Dataset records:
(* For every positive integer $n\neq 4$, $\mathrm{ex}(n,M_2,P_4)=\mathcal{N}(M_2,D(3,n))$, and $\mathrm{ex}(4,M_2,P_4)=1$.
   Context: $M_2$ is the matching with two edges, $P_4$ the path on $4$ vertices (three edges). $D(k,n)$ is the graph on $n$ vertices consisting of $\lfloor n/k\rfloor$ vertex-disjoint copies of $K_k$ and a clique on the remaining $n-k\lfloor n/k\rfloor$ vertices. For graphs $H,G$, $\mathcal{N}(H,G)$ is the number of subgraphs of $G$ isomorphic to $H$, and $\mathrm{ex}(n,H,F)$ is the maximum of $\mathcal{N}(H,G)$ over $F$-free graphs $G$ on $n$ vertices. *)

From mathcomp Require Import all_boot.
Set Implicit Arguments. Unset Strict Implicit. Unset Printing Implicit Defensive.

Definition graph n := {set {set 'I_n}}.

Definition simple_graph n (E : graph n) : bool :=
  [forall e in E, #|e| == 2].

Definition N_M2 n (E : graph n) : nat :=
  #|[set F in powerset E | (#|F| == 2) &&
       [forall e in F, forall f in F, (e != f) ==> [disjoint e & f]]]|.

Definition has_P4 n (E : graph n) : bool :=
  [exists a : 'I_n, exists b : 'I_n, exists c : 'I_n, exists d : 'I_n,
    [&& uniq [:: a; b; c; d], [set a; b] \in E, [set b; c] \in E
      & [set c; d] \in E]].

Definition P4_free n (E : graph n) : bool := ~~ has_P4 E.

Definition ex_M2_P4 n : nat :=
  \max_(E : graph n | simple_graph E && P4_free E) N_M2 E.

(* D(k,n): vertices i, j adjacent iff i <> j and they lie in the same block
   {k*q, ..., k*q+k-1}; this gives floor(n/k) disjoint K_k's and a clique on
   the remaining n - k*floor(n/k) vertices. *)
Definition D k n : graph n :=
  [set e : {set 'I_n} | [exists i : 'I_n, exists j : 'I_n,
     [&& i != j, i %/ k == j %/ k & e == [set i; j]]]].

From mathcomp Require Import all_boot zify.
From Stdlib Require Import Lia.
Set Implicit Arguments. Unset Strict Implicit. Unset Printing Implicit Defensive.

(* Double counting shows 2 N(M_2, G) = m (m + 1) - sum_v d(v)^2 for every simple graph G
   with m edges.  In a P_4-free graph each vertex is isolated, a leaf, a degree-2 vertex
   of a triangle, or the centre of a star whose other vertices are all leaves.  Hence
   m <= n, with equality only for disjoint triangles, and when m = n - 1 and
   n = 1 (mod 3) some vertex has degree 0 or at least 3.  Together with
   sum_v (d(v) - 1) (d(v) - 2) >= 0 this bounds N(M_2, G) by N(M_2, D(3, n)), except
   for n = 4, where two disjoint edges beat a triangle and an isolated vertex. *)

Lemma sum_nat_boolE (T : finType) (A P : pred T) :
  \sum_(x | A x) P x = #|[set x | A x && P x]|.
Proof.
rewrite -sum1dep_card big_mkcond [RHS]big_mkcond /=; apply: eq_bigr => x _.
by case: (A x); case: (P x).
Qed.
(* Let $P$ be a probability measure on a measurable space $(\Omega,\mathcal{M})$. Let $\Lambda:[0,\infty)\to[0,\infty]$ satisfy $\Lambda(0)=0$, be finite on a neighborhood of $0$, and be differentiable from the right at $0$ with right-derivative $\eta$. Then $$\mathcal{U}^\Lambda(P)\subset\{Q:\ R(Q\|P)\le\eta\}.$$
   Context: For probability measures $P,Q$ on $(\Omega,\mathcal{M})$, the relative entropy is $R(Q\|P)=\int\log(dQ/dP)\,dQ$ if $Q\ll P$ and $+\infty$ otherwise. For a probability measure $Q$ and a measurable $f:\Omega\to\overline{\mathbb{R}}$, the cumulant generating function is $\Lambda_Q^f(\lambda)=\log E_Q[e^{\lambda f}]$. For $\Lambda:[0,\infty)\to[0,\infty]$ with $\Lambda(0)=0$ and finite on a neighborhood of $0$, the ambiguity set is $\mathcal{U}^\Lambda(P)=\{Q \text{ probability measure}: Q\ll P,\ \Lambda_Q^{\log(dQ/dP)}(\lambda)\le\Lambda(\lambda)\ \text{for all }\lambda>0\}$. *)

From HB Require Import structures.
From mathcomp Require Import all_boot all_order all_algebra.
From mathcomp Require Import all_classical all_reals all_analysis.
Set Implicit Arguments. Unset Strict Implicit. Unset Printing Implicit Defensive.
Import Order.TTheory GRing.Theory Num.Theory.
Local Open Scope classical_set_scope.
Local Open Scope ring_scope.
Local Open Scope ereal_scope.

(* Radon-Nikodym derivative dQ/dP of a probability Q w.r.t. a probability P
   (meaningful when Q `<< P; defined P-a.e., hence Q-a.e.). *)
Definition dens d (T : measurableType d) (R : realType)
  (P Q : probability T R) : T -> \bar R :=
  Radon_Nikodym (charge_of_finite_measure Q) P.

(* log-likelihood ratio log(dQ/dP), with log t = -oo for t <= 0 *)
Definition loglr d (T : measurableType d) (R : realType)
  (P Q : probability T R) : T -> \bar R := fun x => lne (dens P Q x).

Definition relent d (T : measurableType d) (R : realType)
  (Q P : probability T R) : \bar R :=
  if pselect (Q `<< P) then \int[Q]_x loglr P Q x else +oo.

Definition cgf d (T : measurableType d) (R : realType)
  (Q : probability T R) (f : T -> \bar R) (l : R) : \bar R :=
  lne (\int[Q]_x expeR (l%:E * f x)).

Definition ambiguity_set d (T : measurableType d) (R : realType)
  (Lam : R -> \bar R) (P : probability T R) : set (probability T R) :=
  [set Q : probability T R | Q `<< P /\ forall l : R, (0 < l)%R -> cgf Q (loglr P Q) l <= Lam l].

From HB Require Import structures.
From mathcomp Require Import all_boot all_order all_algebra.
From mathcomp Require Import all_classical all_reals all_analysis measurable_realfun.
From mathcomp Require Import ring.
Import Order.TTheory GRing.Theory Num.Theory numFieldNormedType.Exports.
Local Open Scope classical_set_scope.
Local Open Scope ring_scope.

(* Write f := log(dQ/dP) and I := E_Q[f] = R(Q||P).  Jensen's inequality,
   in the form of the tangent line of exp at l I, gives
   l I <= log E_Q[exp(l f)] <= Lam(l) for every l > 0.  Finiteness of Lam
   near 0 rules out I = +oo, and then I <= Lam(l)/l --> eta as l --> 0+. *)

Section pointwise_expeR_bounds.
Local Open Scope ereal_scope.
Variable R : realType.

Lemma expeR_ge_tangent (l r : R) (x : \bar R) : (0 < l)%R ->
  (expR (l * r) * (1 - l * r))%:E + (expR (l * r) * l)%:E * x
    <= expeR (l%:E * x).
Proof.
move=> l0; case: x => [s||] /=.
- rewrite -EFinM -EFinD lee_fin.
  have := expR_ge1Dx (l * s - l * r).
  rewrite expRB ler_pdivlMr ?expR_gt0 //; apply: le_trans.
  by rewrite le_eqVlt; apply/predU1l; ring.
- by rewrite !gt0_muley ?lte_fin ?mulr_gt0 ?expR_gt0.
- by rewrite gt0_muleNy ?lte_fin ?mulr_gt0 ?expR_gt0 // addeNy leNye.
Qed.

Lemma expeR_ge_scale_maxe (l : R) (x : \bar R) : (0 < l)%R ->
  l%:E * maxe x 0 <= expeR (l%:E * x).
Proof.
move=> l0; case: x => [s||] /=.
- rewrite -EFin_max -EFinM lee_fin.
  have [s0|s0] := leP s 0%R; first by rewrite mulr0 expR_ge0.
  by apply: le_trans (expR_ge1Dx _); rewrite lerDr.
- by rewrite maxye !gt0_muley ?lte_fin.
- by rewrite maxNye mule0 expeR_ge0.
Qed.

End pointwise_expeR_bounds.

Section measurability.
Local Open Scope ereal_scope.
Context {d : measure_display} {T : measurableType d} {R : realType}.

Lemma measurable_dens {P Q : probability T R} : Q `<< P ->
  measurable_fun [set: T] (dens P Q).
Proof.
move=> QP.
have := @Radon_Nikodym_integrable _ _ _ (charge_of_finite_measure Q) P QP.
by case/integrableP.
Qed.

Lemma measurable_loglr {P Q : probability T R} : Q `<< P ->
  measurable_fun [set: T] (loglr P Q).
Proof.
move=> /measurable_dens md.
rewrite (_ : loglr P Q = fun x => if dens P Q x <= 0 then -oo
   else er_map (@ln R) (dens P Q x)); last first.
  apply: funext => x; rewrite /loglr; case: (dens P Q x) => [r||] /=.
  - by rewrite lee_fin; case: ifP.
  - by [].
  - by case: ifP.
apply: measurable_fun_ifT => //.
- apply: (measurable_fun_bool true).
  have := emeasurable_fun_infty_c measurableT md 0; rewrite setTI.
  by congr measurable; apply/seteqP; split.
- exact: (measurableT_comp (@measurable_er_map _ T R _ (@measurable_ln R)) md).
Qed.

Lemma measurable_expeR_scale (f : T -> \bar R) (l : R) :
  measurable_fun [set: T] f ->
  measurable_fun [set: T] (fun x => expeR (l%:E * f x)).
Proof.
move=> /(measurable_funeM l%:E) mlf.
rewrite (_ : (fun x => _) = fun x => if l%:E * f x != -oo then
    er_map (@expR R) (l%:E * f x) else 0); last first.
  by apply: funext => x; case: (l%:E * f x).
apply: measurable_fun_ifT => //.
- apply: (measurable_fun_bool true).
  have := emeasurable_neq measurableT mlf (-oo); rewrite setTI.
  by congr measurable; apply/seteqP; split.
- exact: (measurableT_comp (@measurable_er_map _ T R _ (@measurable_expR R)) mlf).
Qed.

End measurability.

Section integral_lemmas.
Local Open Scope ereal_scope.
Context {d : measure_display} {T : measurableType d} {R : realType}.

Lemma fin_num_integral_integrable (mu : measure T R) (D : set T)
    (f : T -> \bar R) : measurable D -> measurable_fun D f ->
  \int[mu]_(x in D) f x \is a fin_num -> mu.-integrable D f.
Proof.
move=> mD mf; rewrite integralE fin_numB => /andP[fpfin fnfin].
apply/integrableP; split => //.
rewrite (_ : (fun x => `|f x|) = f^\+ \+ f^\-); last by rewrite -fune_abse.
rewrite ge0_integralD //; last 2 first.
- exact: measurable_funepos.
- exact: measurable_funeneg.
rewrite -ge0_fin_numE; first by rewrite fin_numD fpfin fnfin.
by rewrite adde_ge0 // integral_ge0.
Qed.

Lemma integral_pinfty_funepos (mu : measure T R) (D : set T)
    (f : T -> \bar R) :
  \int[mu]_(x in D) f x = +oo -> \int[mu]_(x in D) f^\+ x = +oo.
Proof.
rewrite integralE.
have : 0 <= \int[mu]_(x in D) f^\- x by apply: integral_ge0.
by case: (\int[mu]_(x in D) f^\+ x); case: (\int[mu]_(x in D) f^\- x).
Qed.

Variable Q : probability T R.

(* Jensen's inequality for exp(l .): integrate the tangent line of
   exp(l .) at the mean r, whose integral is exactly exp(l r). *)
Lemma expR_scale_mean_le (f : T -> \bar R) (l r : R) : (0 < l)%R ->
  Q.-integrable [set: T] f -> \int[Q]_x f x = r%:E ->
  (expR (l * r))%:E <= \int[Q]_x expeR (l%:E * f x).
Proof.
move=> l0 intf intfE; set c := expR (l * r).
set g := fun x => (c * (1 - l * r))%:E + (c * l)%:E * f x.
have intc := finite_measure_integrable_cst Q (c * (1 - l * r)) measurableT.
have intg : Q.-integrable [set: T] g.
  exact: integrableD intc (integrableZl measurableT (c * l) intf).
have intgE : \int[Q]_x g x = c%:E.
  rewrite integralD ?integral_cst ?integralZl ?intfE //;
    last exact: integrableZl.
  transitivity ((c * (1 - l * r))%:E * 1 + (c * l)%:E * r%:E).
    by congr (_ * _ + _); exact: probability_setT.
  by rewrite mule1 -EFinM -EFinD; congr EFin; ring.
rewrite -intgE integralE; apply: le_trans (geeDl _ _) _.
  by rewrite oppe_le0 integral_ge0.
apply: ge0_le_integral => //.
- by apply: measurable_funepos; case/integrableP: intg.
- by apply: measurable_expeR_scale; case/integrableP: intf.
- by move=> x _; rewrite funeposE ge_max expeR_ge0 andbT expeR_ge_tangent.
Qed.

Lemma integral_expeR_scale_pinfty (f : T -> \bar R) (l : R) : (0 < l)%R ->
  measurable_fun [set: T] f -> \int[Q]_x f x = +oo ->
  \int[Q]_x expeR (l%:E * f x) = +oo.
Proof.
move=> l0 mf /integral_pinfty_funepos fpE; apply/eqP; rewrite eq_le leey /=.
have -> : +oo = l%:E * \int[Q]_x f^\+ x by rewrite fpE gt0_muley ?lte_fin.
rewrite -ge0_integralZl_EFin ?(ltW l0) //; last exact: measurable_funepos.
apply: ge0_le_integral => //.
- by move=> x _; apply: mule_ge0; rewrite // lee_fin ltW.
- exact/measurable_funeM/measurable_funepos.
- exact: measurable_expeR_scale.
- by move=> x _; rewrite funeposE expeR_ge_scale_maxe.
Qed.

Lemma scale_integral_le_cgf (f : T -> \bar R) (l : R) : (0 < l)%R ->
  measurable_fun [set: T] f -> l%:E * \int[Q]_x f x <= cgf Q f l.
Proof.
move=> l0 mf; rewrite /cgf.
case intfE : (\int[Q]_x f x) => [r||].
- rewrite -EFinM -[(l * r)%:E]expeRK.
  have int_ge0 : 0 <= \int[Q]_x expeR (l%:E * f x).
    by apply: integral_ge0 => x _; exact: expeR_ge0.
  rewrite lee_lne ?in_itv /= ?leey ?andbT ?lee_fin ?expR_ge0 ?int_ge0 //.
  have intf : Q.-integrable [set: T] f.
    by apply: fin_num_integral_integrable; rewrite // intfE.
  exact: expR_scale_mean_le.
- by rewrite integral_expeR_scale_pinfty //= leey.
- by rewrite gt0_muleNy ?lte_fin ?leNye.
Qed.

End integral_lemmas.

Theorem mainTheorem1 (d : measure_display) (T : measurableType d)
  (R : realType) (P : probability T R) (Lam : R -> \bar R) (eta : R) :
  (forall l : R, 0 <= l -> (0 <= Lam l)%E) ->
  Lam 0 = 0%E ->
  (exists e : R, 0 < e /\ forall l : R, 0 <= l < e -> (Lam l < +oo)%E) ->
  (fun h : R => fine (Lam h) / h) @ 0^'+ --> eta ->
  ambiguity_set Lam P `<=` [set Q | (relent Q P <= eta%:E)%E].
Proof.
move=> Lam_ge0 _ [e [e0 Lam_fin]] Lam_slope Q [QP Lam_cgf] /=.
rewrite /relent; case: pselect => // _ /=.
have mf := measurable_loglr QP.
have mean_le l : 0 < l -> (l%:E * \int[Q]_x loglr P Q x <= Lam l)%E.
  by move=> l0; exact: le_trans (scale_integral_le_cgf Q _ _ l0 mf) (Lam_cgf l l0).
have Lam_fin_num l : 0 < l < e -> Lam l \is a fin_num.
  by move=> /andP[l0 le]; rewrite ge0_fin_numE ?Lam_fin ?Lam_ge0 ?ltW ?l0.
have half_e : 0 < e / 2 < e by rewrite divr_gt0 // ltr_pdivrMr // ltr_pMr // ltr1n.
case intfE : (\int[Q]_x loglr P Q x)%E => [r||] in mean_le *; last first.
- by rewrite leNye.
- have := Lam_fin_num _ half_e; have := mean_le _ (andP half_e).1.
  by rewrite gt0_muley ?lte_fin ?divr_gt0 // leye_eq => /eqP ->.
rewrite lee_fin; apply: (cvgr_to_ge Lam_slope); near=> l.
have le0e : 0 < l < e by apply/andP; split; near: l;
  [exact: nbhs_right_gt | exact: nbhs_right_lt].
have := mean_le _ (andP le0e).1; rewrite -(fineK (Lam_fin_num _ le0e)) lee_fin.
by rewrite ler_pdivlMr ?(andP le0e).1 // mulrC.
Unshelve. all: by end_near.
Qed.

__What to produce__. When the line containing "#|[set F in powerset E | (#|F| == 2) &&" is reached, include it and stop. Until then, output each line of the entries exactly as given, starting from the first.

__Solution to this exercise__.
(* For every positive integer $n\neq 4$, $\mathrm{ex}(n,M_2,P_4)=\mathcal{N}(M_2,D(3,n))$, and $\mathrm{ex}(4,M_2,P_4)=1$.
   Context: $M_2$ is the matching with two edges, $P_4$ the path on $4$ vertices (three edges). $D(k,n)$ is the graph on $n$ vertices consisting of $\lfloor n/k\rfloor$ vertex-disjoint copies of $K_k$ and a clique on the remaining $n-k\lfloor n/k\rfloor$ vertices. For graphs $H,G$, $\mathcal{N}(H,G)$ is the number of subgraphs of $G$ isomorphic to $H$, and $\mathrm{ex}(n,H,F)$ is the maximum of $\mathcal{N}(H,G)$ over $F$-free graphs $G$ on $n$ vertices. *)

From mathcomp Require Import all_boot.
Set Implicit Arguments. Unset Strict Implicit. Unset Printing Implicit Defensive.

Definition graph n := {set {set 'I_n}}.

Definition simple_graph n (E : graph n) : bool :=
  [forall e in E, #|e| == 2].

Definition N_M2 n (E : graph n) : nat :=
  #|[set F in powerset E | (#|F| == 2) &&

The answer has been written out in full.